Qualcomm not only predicted the explosion of terminal-side models, but also promoted the implementation of edge AI reasoning on cross-terminal devices.
Cristiano Amon, President and CEO of Qualcomm, shared his views on current AI industry trends during a recent first-quarter earnings conference call: “The recent DeepSeek R1 and other similar models demonstrate that AI models are evolving faster and faster, they are becoming smaller, more powerful, more efficient, and can run directly on the terminal side. In fact, DeepSeek R1 ‘s distillation model runs on smartphones and PCs equipped with the Snapdragon platform within just a few days of release.”
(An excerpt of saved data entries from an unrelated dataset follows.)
Lemma mf_equiv_flat X Y : mf_equiv X Y ->
  mf_flat X = mf_flat Y /\ Permutation (stoups X) (stoups Y).
Proof.
case=> Hz /Forall2_tt_equiv_flat [|E P].
  by apply/List.Forall_forall=> t _; apply: tt_equiv_flat.
by split=> //; apply: Permutation_app.
Qed.

Lemma mfill_split K : exists sl sr l r, forall X,
  stoups (mfill K X) = sl ++ stoups X ++ sr /\ mf_flat (mfill K X) = l ++ mf_flat X ++ r.
Proof.
elim: K => [|z G1 K [sl [sr [l [r IH]]]] G2].
  by exists [::], [::], [::], [::] => X; rewrite !cats0.
exists (z ++ stl G1 ++ sl), (sr ++ stl G2), (fl G1 ++ l), (r ++ fl G2) => X.
have [Es Ef] := IH X; rewrite /stoups /= in Es *.
by rewrite !stoupsE Es /mf_flat /= -/(fl _) !flE -[fl (mfill K X).2]/(mf_flat _) Ef -!catA.
Qed.

Definition ffl (X : seq ftt) := flatten (map ftt_flat X).

Lemma ffl_cat X Y : ffl (X ++ Y) = ffl X ++ ffl Y.
Proof. by rewrite /ffl map_cat flatten_cat. Qed.

Lemma ffl_consF A X : ffl (FF A :: X) = A :: ffl X. Proof. by []. Qed.
Lemma ffl_consB Y X : ffl (FB Y :: X) = ffl Y ++ ffl X. Proof. by []. Qed.

Lemma ffl_fbangs As : ffl (fbangs As) = map Bang As.
Proof. by elim: As => //= A As IH; rewrite ffl_consF IH. Qed.

Lemma ffl_nil : ffl [::] = [::]. Proof. by []. Qed.

Definition fflE := (ffl_cat, ffl_consF, ffl_consB, ffl_nil, ffl_fbangs, cats0).

Lemma ffl_mapFF As : ffl (map FF As) = As.
Proof. by elim: As => //= A As IH; rewrite ffl_consF IH. Qed.

Lemma fbangs_cat As Bs : fbangs (As ++ Bs) = fbangs As ++ fbangs Bs.
Proof. exact: map_cat. Qed.

Lemma ffill_split K : exists l r, forall X, ffl (ffill K X) = l ++ ffl X ++ r.
Proof.
elim: K => [|G1 K [l [r IH]] G2]; first by exists [::], [::] => X; rewrite cats0.
by exists (ffl G1 ++ l), (r ++ ffl G2) => X; rewrite /= !fflE IH -!catA.
Qed.

(** * The language model of a type-0 grammar *)

Section Encoding.
Context {Sigma : finType} (Gr : t0grammar Sigma).
Local Notation sym := (Sigma + nonterm Gr)%type.

Definition der (x y : seq sym) := t0derives x y.

Lemma der_refl x : der x x.
Proof. exact: t0_refl. Qed.

Lemma der_trans {x y z} : der x y -> der y z -> der x z.
Proof. by elim=> // a b c Hab _ IH /IH; apply: t0_trans. Qed.

Lemma der_rule {l r} : List.In (l, r) (t0rules Gr) -> der l r.
Proof.
move=> Hlr; apply: t0_trans (t0_refl _).
by have := t0_step [::] [::] Hlr; rewrite /= !cats0.
Qed.

Lemma der_cat {x x' y y'} : der x x' -> der y y' -> der (x ++ y) (x' ++ y').
Proof.
have frame w1 w2 a b : der a b -> der (w1 ++ a ++ w2) (w1 ++ b ++ w2).
  elim=> [c|{}a {}b c [u v l r Hlr] _ IH]; first exact: der_refl.
  by apply: t0_trans IH; have := t0_step (w1 ++ u) (v ++ w2) Hlr; rewrite -!catA.
move=> Hx Hy; apply: der_trans (_ : der (x' ++ y) _).
  by have := frame [::] y _ _ Hx.
by have := frame x' [::] _ _ Hy; rewrite !cats0.
Qed.

Lemma der_catl w {x y} : der x y -> der (w ++ x) (w ++ y).
Proof. exact/der_cat/der_refl. Qed.

Lemma der_catr w {x y} : der x y -> der (x ++ w) (y ++ w).
Proof. by move/der_cat; apply; apply: der_refl. Qed.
As we enter the era of AI reasoning, model training will still take place in the cloud, but reasoning will increasingly run on the terminal side, making AI more convenient, customizable and efficient. This will promote the development and adoption of more targeted dedicated models and applications, and thus drive the demand for computing platforms from various terminals.
The explosion of DeepSeek R1 appropriately verified Qualcomm’s previous judgment on terminal-side AI. With its advanced connectivity, computing and edge AI technologies and unique product portfolio, Qualcomm not only maintains a highly differentiated advantage in the terminal-side AI field, but also provides strong support for its realization of its hybrid AI vision.
In the future, end-side AI will play an increasingly important role in various industries.